Nothing but the lines from the line with "match m with" through the end of the data is to be copied, and each is to be copied exactly.

** Opening SUPPLIED MATERIAL block **

(* On the event $\mathbb{G}_1$, for all episodes $k$, steps $h\in[H]$, states $s$, $B\in[\ell_h]$ and lookahead information $I$, it holds that $\mathfrak{Q}^*_h(s,B;I,V^*_{h+B})\le\mathfrak{Q}^*_h(s,B;I,\bar V^k_{h+B})$; in particular $V^*_h(s)\le\bar V^k_h(s)$.
   Context: Setting: episodic tabular MDP with $S$ states, horizon $H$, rewards in $[0,1]$, unknown distributions independent across time steps. Fix $\ell\ge1$, $\ell_h=\min\{\ell,H-h+1\}$. $I_{h,B}(s)$ is $B$-step lookahead information from $s$ at step $h$ (realized rewards and next states of all state-action pairs reachable from $s$ at steps $h,\dots,h+B-1$), with distribution $\mathcal{I}_{h,B}(s)$. For deterministic Markov $\phi$, $\mathfrak{R}_{t\mid h}(s,\phi,I)$, $\mathfrak{s}_{t\mid h}(s,\phi,I)$ are the reward/state at step $t$ from $s_h=s$ following $\phi$ under $I$; $\mathfrak{Q}^*_h(s,B;I,V)=\max_\phi\{\sum_{t=h}^{h+B-1}\mathfrak{R}_{t\mid h}(s,\phi,I)+V(\mathfrak{s}_{h+B\mid h}(s,\phi,I))\}$. $V^*_h$ is the optimal value of adaptive batching policies, with $V^*_{H+1}\equiv0$, $V^*_h(s)=\max_{B\in[\ell_h]}Q^*_h(s,B)$, $Q^*_h(s,B)=\mathbb{E}_{I\sim\mathcal{I}_{h,B}(s)}[\mathfrak{Q}^*_h(s,B;I,V^*_{h+B})]$, and $\mathrm{Var}^*_h(s,B)$ the variance of $\mathfrak{Q}^*_h(s,B;I,V^*_{h+B})$ under $I\sim\mathcal{I}_{h,B}(s)$. AL-UCB notation: $n^k_h(s,B)$ is the number of episodes before $k$ in which a batch with horizon $B$ started at step $h$ in state $s$; $\widehat{\mathbb{E}}^k_{h,s,B}[f(I)]$ is the average of $f$ over the lookahead observed in those episodes (0 if none); $\widehat{\mathrm{Var}}^k_h(s,B;V)$ the corresponding empirical variance of $\mathfrak{Q}^*_h(s,B;I,V)$; $L^k_\delta=\ln\frac{18SH\ell k^3(k+1)}{\delta}$. The optimistic values are $\bar V^k_{H+1}\equiv0$, $b^k_h(s,B)=\sqrt{\frac{8\widehat{\mathrm{Var}}^k_h(s,B;\bar V^k_{h+B})L^k_\delta}{n^k_h(s,B)\vee1}}+\frac{11HL^k_\delta}{n^k_h(s,B)\vee1}$, $\bar Q^k_h(s,B)=\min\{\widehat{\mathbb{E}}^k_{h,s,B}[\mathfrak{Q}^*_h(s,B;I,\bar V^k_{h+B})]+b^k_h(s,B),H-h+1\}$, $\bar V^k_h(s)=\max_{B\in[\ell_h]}\bar Q^k_h(s,B)$. The event $\mathbb{G}_1$ is the intersection over all $k\ge1$ of: (i) for all $s,h,B$: $|Q^*_h(s,B)-\widehat{\mathbb{E}}^k_{h,s,B}[\mathfrak{Q}^*_h(s,B;I,V^*_{h+B})]|\le\sqrt{2\mathrm{Var}^*_h(s,B)L^k_\delta/(n^k_h(s,B)\vee1)}+HL^k_\delta/(n^k_h(s,B)\vee1)$; (ii) for all $s,h,B$: $|\sqrt{\widehat{\mathrm{Var}}^k_h(s,B;V^*_{h+B})}-\sqrt{\mathrm{Var}^*_h(s,B)}|\le4H\sqrt{L^k_\delta/(n^k_h(s,B)\vee1)}$; (iii) for all $s,h,B$ and all $V$ with $V^*_{h+B}\le V\le H$ componentwise: $\widehat{\mathbb{E}}^k_{h,s,B}[\mathfrak{Q}^*_h(s,B;I,V)-\mathfrak{Q}^*_h(s,B;I,V^*_{h+B})]\le(1+\frac{1}{2H})\mathbb{E}_{I\sim\mathcal{I}_{h,B}(s)}[\mathfrak{Q}^*_h(s,B;I,V)-\mathfrak{Q}^*_h(s,B;I,V^*_{h+B})]+\frac{4H^2SL^k_\delta}{n^k_h(s,B)\vee1}$. *)

From HB Require Import structures.
From mathcomp Require Import all_boot all_order all_algebra.
From mathcomp Require Import all_classical all_reals all_analysis.
Set Implicit Arguments. Unset Strict Implicit. Unset Printing Implicit Defensive.
Import Order.TTheory GRing.Theory Num.Theory.
Local Open Scope ring_scope.

Section ALUCB.
Variable R : realType.
Variables S A : finType.
(* a0 : some action (the action set is nonempty); only used as the neutral
   element of a max over the (nonempty) finite set of batch policies. *)
Variable a0 : A.
Variable d : measure_display.
Variable Info : measurableType d.
(* rew I t x a = realized reward of (x,a) at step t under I;
   nxt I t x a = realized next state (state at step t+1) of (x,a) at step t. *)
Variable rew : Info -> nat -> S -> A -> R.
Variable nxt : Info -> nat -> S -> A -> S.

(* Following a batch policy, given as the list of its Markov decision rules
   for steps t, t+1, ..., from state x at step t under lookahead I:
   returns (sum of collected rewards, state reached at the end). *)
Fixpoint run (I : Info) (pol : seq {ffun S -> A}) (t : nat) (x : S) : R * S :=
  match pol with
  | [::] => (0, x)
  | f :: pol' =>
      let a := f x in
      let p := run I pol' t.+1 (nxt I t x a) in (rew I t x a + p.1, p.2)
  end.

Definition batch_value (I : Info) (h : nat) (s : S) (pol : seq {ffun S -> A})
  (V : S -> R) : R :=
  let p := run I pol h s in p.1 + V p.2.

Definition frakQ (h : nat) (s : S) (B : nat) (I : Info) (V : S -> R) : R :=
  \big[Num.max/batch_value I h s (nseq B [ffun=> a0]) V]_(phi : B.-tuple {ffun S -> A})
    batch_value I h s phi V.

(* max_{B in [n]} f B  (n >= 1 in all uses) *)
Definition maxB (n : nat) (f : nat -> R) : R :=
  \big[Num.max/f 1%N]_(1 <= B < n.+1) f B.

Definition ellh (H ell h : nat) : nat := minn ell (H.+1 - h).

(* Backward recursion: W_{H+1} = 0, W_h(s) = step h (fun B => W_{h+B}) s.
   vtab m = [:: W_{H+1-m}; ...; W_{H+1}]. *)
Fixpoint vtab (H : nat) (step : nat -> (nat -> S -> R) -> S -> R) (m : nat)
  : seq (S -> R) :=
  match m with
  | 0 => [:: fun _ => 0]
  | m'.+1 =>
      let tab := vtab H step m' in
      step (H - m')%N (fun B => nth (fun _ => 0) tab B.-1) :: tab
  end.

Definition backward (H : nat) (step : nat -> (nat -> S -> R) -> S -> R)
  (h : nat) : S -> R :=
  nth (fun _ => 0) (vtab H step (H.+1 - h)) 0.

Definition Expect (P : probability Info R) (f : Info -> R) : R :=
  fine (\int[P]_x (f x)%:E).
Definition Variance (P : probability Info R) (f : Info -> R) : R :=
  Expect P (fun x => (f x - Expect P f) ^+ 2).

(* Empirical mean / variance over observed samples (0 if none). *)
Definition emp_mean (xs : seq Info) (f : Info -> R) : R :=
  (\sum_(x <- xs) f x) / (maxn (size xs) 1)%:R.
Definition emp_var (xs : seq Info) (f : Info -> R) : R :=
  emp_mean xs (fun x => (f x - emp_mean xs f) ^+ 2).

Section Values.
Variables (H ell : nat).
(* P h s B = law I_{h,B}(s) of the B-step lookahead information from s at h *)
Variable P : nat -> S -> nat -> probability Info R.
(* samp k h s B = lookahead information observed in the episodes before k in
   which a batch of horizon B started at step h in state s;
   n^k_h(s,B) = size (samp k h s B). *)
Variable samp : nat -> nat -> S -> nat -> seq Info.
Variable delta : R.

** Closing SUPPLIED MATERIAL block **

◆ **EXERCISE ANSWER**:
  match m with
  | 0 => [:: fun _ => 0]
  | m'.+1 =>
      let tab := vtab H step m' in
      step (H - m')%N (fun B => nth (fun _ => 0) tab B.-1) :: tab
  end.

Definition backward (H : nat) (step : nat -> (nat -> S -> R) -> S -> R)
  (h : nat) : S -> R :=
  nth (fun _ => 0) (vtab H step (H.+1 - h)) 0.

Definition Expect (P : probability Info R) (f : Info -> R) : R :=
  fine (\int[P]_x (f x)%:E).
Definition Variance (P : probability Info R) (f : Info -> R) : R :=
  Expect P (fun x => (f x - Expect P f) ^+ 2).

(* Empirical mean / variance over observed samples (0 if none). *)
Definition emp_mean (xs : seq Info) (f : Info -> R) : R :=
  (\sum_(x <- xs) f x) / (maxn (size xs) 1)%:R.
Definition emp_var (xs : seq Info) (f : Info -> R) : R :=
  emp_mean xs (fun x => (f x - emp_mean xs f) ^+ 2).

Section Values.
Variables (H ell : nat).
(* P h s B = law I_{h,B}(s) of the B-step lookahead information from s at h *)
Variable P : nat -> S -> nat -> probability Info R.
(* samp k h s B = lookahead information observed in the episodes before k in
   which a batch of horizon B started at step h in state s;
   n^k_h(s,B) = size (samp k h s B). *)
Variable samp : nat -> nat -> S -> nat -> seq Info.
Variable delta : R.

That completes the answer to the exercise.